Dans le cours de mon voyage, j’ai pu remarquer en plus d’une occasion à quel point ils sont susceptibles de s’animer, de s’égayer en communiquant ensemble. Souvent j’ai vu une petite troupe d’Osages rester assis autour d’un feu jusqu’à une heure très avancée de la nuit, engagés dans une conversation vive et agréable, et faisant retentir les bois à chaque instant de leurs joyeux éclats de rire.

Quant aux larmes, elles ne leur manquent point, soit réelles, soit affectées. Aucun peuple ne pourrait lutter avec eux s’il s’agissait de pleurer abondamment et amèrement la perte d’un parent ou d’un ami ; ils ont même des époques fixes auxquelles ils doivent aller hurler et se lamenter sur la tombe des défunts. J’ai entendu quelquefois des gémissemens douloureux, au point du jour, dans le voisinage des villages indiens : on me dit que ces lamentables sons provenaient de quelques habitans du hameau qui sortaient à cette heure pour aller dans les champs pleurer leurs morts. En ces momens les larmes coulent par torrens sur leurs joues.
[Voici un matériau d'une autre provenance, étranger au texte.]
Lemma boundary_in_restrictionP n u : cycle_in K A' n u ->
  boundary_in J A' n (connecting u) <->
  exists2 z, cycle_in J A n.+1 z & homologous_in K A' n (acomp z) u.
Proof.
move=> /[dup] u_cyc /cycle_inP[u_in bd_u].
split=> [/boundary_inP[v v_in conn_u]|[z z_cyc /homologous_inE z_u]].
  exists (alift u - v).
    apply/cycle_inP; split.
      exact: chain_inB (chain_in_alift u_in) (chain_in_subset (subD1set A a) v_in).
    by rewrite linearB /= (bd_subset (subD1set A a) v_in) -conn_u bd_alift_cycle // subrr.
  rewrite linearB /= (acomp_alift u_in) (acomp_eq0 v_in) subr0.
  exact: homologous_in_refl.
have -> : u = acomp z - (acomp z - u) by rewrite opprB addrC subrK.
rewrite linearB; exact: boundary_inB (boundary_in_connecting_acomp z_cyc) (boundary_in_connecting z_u).
Qed.

Lemma homology_iso_cover : homology_iso K Cov E.
Proof.
apply: homology_iso_redundant => [|x]; first exact: subsetUr.
rewrite inE => /andP[xCov /setUP[/setD1P[xa xA]|]]; last by rewrite (negbTE xCov).
exists (a `|` x)%O; first by rewrite inE (covers_join rk_geo).
by move=> T xT; apply: ajoinU1; apply: leU2 => //; apply: joins_sup.
Qed.

Lemma homology_iso_atoms : homology_iso K A' E.
Proof.
apply: homology_iso_redundant => [|x]; first exact: subsetUl.
rewrite inE => /andP[xA' /setUP[|]]; first by rewrite (negbTE xA').
rewrite inE => /(atom_le_cover rk_geo)[b bA' le_bx]; exists b => // T xT.
apply: ajoinU1; rewrite /= /ajoin; apply: le_trans le_bx _; apply: le_trans _ (leUr _ a).
exact: joins_sup.
Qed.

Definition cone_alpha n : chains K -> chains J :=
  connecting \o represent (k := K) A' E n.

Definition cone_delta n : chains J -> chains K :=
  represent (k := K) Cov E n \o acomp.

Lemma hom_map_cone_alpha n :
  @hom_map _ _ (kcomplex K Cov) (kcomplex J A') n n (cone_alpha n).
Proof.
apply: hom_map_comp_linear; [exact: cycle_in_connecting|exact: boundary_in_connecting|].
exact: hom_map_represent (subsetUr _ _) (subsetUl _ _) homology_iso_atoms.
Qed.

Lemma hom_map_cone_delta n :
  @hom_map _ _ (kcomplex J A) (kcomplex K Cov) n.+1 n (cone_delta n).
Proof.
apply: (hom_map_linear_comp (X2 := E)).
- by move=> c /cycle_in_acomp; apply: cycle_in_subset; apply: subsetUl.
- by move=> c /boundary_in_acomp; apply: boundary_in_subset; apply: subsetUl.
- exact: hom_map_represent (subxx _) (subsetUr _ _) homology_iso_cover.
Qed.

Lemma exact_at_deletion n :
  @exact_at _ _ (kcomplex K Cov) (kcomplex J A') (kcomplex J A) n n n (cone_alpha n) id.
Proof.
apply/exact_atE => z z_cyc; rewrite homologous_in0 boundary_in_deletionP //.
split=> [[u u_cyc u_z]|[w [w_cyc w_z]]]; last first.
  have [u_cyc _] := representP homology_iso_atoms (cycle_in_subset (subsetUr _ _) w_cyc).
  by exists (represent (k := K) A' E n w).
have [w_cyc u_w] := representP homology_iso_cover (cycle_in_subset (subsetUl _ _) u_cyc).
set w := represent Cov E n u in w_cyc u_w *; exists w; split=> //.
have [u'_cyc w_u'] := representP homology_iso_atoms (cycle_in_subset (subsetUr _ _) w_cyc).
have u_u' : homologous_in K A' n u (represent A' E n w).
  apply/(homologous_in_iso (subsetUl _ _) homology_iso_atoms (proj1 u_cyc) (proj1 u'_cyc)).
  exact: homologous_in_trans u_w w_u'.
have := homologous_in_linear (@boundary_in_connecting n) u_u'.
by move=> /homologous_in_sym /homologous_in_trans; apply.
Qed.

Lemma exact_at_cover n :
  @exact_at _ _ (kcomplex J A') (kcomplex J A) (kcomplex K Cov) n.+1 n.+1 n id (cone_delta n).
Proof.
apply/exact_atE => z z_cyc; rewrite homologous_in0 /cone_delta /=.
have az_cyc := cycle_in_acomp z_cyc.
have [d_cyc az_d] := representP homology_iso_cover (cycle_in_subset (subsetUl _ _) az_cyc).
rewrite (boundary_in_iso (subsetUr _ _) homology_iso_cover (proj1 d_cyc)) -homologous_in0.
rewrite -(homologous_in_congr az_d (homologous_in_refl _ _ 0)) homologous_in0.
rewrite -(boundary_in_iso (subsetUl _ _) homology_iso_atoms (proj1 az_cyc)).
rewrite boundary_in_acompP //.
by split=> [[w w_cyc w_z]|[w [w_cyc w_z]]]; exists w.
Qed.

Lemma exact_at_restriction n :
  @exact_at _ _ (kcomplex J A) (kcomplex K Cov) (kcomplex J A') n.+1 n n
    (cone_delta n) (cone_alpha n).
Proof.
apply/exact_atE => w w_cyc; rewrite homologous_in0 /cone_alpha /=.
have [u_cyc w_u] := representP homology_iso_atoms (cycle_in_subset (subsetUr _ _) w_cyc).
have acomp_cone_delta z : cycle_in J A n.+1 z ->
    homologous_in K A' n (acomp z) (represent A' E n w) <->
    homologous_in K Cov n (cone_delta n z) w.
  move=> z_cyc; have az_cyc := cycle_in_acomp z_cyc.
  have [d_cyc az_d] := representP homology_iso_cover (cycle_in_subset (subsetUl _ _) az_cyc).
  rewrite (homologous_in_iso (subsetUl _ _) homology_iso_atoms (proj1 az_cyc) (proj1 u_cyc)).
  rewrite (homologous_in_iso (subsetUr _ _) homology_iso_cover (proj1 d_cyc) (proj1 w_cyc)).
  exact: homologous_in_congr az_d (homologous_in_sym w_u).
rewrite boundary_in_restrictionP //; split=> [[z z_cyc]|[z [z_cyc]]].
  by move=> /(acomp_cone_delta z z_cyc) z_w; exists z.
by move=> /(acomp_cone_delta z z_cyc) z_w; exists z.
Qed.
End Cone.
End Sheaf.

Theorem theorem7 (R : comPzRingType) (disp : Order.disp_t)
    (L : finTBLatticeType disp) (rk : L -> nat) (Fm : L -> lmodType R)
    (Fr : forall x y : L, Fm y -> Fm x) (a : L) :
  geometric rk -> is_sheaf Fm Fr -> a \in atoms rk ->
  let Ct := cover_complex rk Fm Fr in
  let Cd := deletion_complex rk Fm Fr a in
  let Cr := restriction_complex Fm Fr a in
  exists (alpha : nat -> chain Cr -> chain Cd)
         (beta : nat -> chain Cd -> chain Ct)
         (delta : nat -> chain Ct -> chain Cr),
    (* maps HC_i(L^a) -> HC_i(L_a) -> HC_i(L) and HC_{i+1}(L) -> HC_i(L^a) *)
    (forall i, hom_map i i (alpha i)) /\
    (forall i, hom_map i i (beta i)) /\
    (forall i, hom_map i.+1 i (delta i)) /\
    (* exactness at HC_i(L_a) *)
    (forall i, exact_at i i i (alpha i) (beta i)) /\
    (* exactness at HC_{i+1}(L) *)
    (forall i, exact_at i.+1 i.+1 i (beta i.+1) (delta i)) /\
    (* exactness at HC_i(L^a) *)
    (forall i, exact_at i.+1 i i (delta i) (alpha i)) /\
    (* exactness at HC_0(L): the sequence ends with HC_0(L) -> 0 *)
    hom_onto 0 0 (beta 0).
Proof.
move=> rk_geo [FrD FrZ Fr1 FrC] a_atom Ct Cd Cr.
exists (cone_alpha (a := a) Fr rk), (fun=> id), (cone_delta Fr rk a).
split; first by move=> i; exact: hom_map_cone_alpha.
split; first by move=> i; exact: (hom_map_inclusion FrD FrZ (join_lab _) i (subD1set _ a)).
split; first by move=> i; exact: hom_map_cone_delta.
split; first by move=> i; exact: exact_at_deletion.
split; first by move=> i; exact: exact_at_cover.
split; first by move=> i; exact: exact_at_restriction.
exact: (hom_onto_inclusion0 (k := join_lab _) FrD FrZ (subD1set _ a)).
Qed.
Autant que je puis en juger, l’Indien des poètes est, comme le berger des églogues, un être de raison, une personnification d’attributs imaginaires.

Le chant nasal de nos hôtes se changea graduellement en murmures confus, et cessa enfin tout-à-fait. Ils se couvrirent la tête de leurs blankets, et s’endormirent profondément. Au bout de quelques minutes le silence fut complet autour de nous ; et le bruit des gouttes de pluie tombant sur notre tente se faisait seul entendre au dehors.

Le lendemain matin, nos trois visiteurs indiens déjeunèrent avec nous ; mais on ne trouva point le jeune Osage qui devait servir d’écuyer au comte dans sa campagne de chevalier errant ; on ne trouvait pas non plus le cheval pie : et après mille conjectures, on fut obligé de s’arrêter à l’idée que le jeune chasseur avait pris congé de nous à la sauvage, pendant la nuit. Nous sûmes par la suite qu’il avait été persuadé d’agir ainsi par les Osages avec lesquels nous nous étions rencontrés, lesquels lui avaient représenté le danger d’une expédition sur les territoires des Pawnies, où il pouvait tomber dans les mains de ces ennemis implacables de sa tribu : ils n’insistèrent pas moins sur l’ennui d’être assujetti aux caprices et à l’insolence des blancs ; et j’avais pu moi-même reconnaître combien leurs notions étaient justes à cet égard, et quelle tendance nous avons à traiter ces pauvres Indiens aussi durement que s’ils n’appartenaient pas à notre espèce. Celui-ci avait manqué de bien peu d’être un exemple de cette injustice attribuée aux blancs ; car, sans notre intervention, il aurait subi une flagellation cruelle, en vertu de la loi des frontières, pour le flagrant délit d’avoir trouvé un cheval.

La disparition de ce jeune homme fut généralement regrettée : nous aimions tous sa belle mine, franche et résolue, et la grâce naturelle de ses manières : on pouvait dire qu’il était né gentilhomme dans l’acception littérale du mot. Cependant personne ne s’affligeait de son départ autant que le comte, qui se voyait ainsi privé de son écuyer. Quant à moi, je fus fâché de la désertion de l’Osage, par rapport à lui-même ; nous l’aurions, très certainement, soigné et protégé pendant l’expédition, et la générosité du comte m’était assez connue pour être persuadé que le sauvage serait retourné à sa tribu chargé de toutes sortes de présens.




  1. Allusions au poëme célèbre de Thomas Campbell : Gertrude de Wyoming.